Do foreigners need to change their name to a Japanese name when they become Japanese citizens?

You can have any name you want, and it can be as long as you want, providing four conditions:
  1. Neue Frutiger® Arabic
    None of these characters are allowed
    in a Japanese 戸籍 {koseki} (family register).
    It has to be written exclusively in or a combination of (modern, not archaic) hiragana, katakana, or kanji. Just like you can’t write a name on American official documents in Thai, Cyrillic, Hangul, or Arabic … or even use diacritic marks used in European languages (ex. the German sharp S [“ß”] or French cedilla [ç] or others [ÂÄÅÀÁ]) — people becoming American must adapt their name to the plain 26 character alphabet — you have to adapt your name to Japan’s writing system.

    Because there is not a perfect one-to-one correspondence between either Japanese language "spelling" or pronunciation and other languages, most non-Japanese names will need to be adapted or modified for the new writing system. "Adrian" for example would become 「エイドリアン」 which when literally converted to the Latin / "Roman" alphabet (ローマ字 {rōmaji}) would be written as "Eidorian".

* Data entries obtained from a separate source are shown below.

(* Let $\Gamma$ be a single-player extensive-form game without chance nodes, and let $z^*\in\arg\max_{z\in\mathcal Z}u_1(z)$. Then $$\mathrm{VoR}^{\mathrm{opt}}(\Gamma)\le\frac{\max_{z\in\mathcal Z}u_1(z)}{\max_{z\in\mathcal Z}\alpha(z)u_1(z)}\le\frac{1}{\alpha(z^* )}.$$
   Context: A single-player extensive-form game without chance nodes consists of a finite rooted tree (nodes $\mathcal H$, leaves $\mathcal Z$, actions $A_h$), all nonterminal nodes belonging to Player 1, a utility $u_1:\mathcal Z\to\mathbb R_{\ge0}$, and a partition $\mathcal I_1$ of nonterminal nodes into infosets with common action sets $A_I$. For a node $h$ with root-to-$h$ path $(h_0,\dots,h_{d-1})$, $\mathrm{obs}_1(h)=(I_k,a_k)_k$ lists infosets of and actions taken at the $h_k$. $\mathrm{pr}_1(\Gamma)$ has the same tree and utilities, with each infoset partitioned into classes of $h\sim h'\iff\mathrm{obs}_1(h)=\mathrm{obs}_1(h')$. Behavioral strategies assign distributions over $A_I$ to infosets; $u_1(\mathrm{opt}(\cdot))$ is the maximum expected utility; $\mathrm{VoR}^{\mathrm{opt}}(\Gamma)=u_1(\mathrm{opt}(\mathrm{pr}_1(\Gamma)))/u_1(\mathrm{opt}(\Gamma))$. For $z\in\mathcal Z$ with path infosets/actions $(I_k,a_k)$, and $I\in\mathcal I_1$, $a\in A_I$: $n_z(I)=|\{k:I_k=I\}|$, $n_z(a)=|\{k:I_k=I,a_k=a\}|$, $p_z(a)=n_z(a)/n_z(I)$, $\alpha(z)=\prod_{I:n_z(I)>1}\prod_{a\in A_I:n_z(a)>0}p_z(a)^{n_z(a)}$. *)

From HB Require Import structures.
From mathcomp Require Import all_boot all_order all_algebra.
From mathcomp Require Import boolp classical_sets reals.
Set Implicit Arguments. Unset Strict Implicit. Unset Printing Implicit Defensive.
Import Order.TTheory GRing.Theory Num.Theory.
Local Open Scope ring_scope.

    If you're lucky, there are some names that can convert to Japanese and back with little Lost In Translation. This is the exception, not the norm.
  2. Like a newborn child, you will be strongly discouraged from choosing a new name which will cause problems in society. For example, intentionally choosing the name of a unique famous person for the purpose of fraud / identity theft, or choosing a provocative name like “demon” (悪魔 {Akuma}) or “dickhead” or “emperor” is discouraged.
  3. Björk [Guðmundsdóttir]
    Most Icelanders do not have surnames.
    You get one family name, and one given name. No middle names, additional given names, or mononyms (single names, like “Madonna” or “Cher” or “Prince” or “Björk” †). If you want additional names, they are concatenated all together in the “given name”: no spaces, dashes, punctuation, or other forms of separators are allowed. For example, the given names on a British birth certificate “Adrian Charles George” would become the one name 『エイドリアンチャールズジョージ』“Eidorianchāruzujōji” in 仮名 {kana} (Japanese syllabet).
  4. If you are legally married in Japan and/or with children and these people are Japanese nationals, you must all have the same family name. That means either the man takes the woman’s name, the woman takes the man’s name, or you choose a brand new family name for the family register and everybody takes that name.
Curious George’s New Passport
Note the name in parentheses.
Note that this is for official domestic-use identification. For identification that is used for overseas outside-of-Japan purposes (ex. a passport), it is possible to have a Latin (26 letter alphabet) letter name, alternate names, and non-Japanese spellings. Example: your legal domestic Japanese name may read 『佐藤キンバリー』“Satō, Kimbarī” (in 仮名/漢字kana/kanji), but your Japanese passport could say “SATO(SMITH/PARKER), KIMBERLY(KIM)” if you can prove you use/need those foreign names on your for-foreign-use passport.

† Legally speaking, these celebrities actually do have more than one name on their official documentation, even though in public they are only known by one name.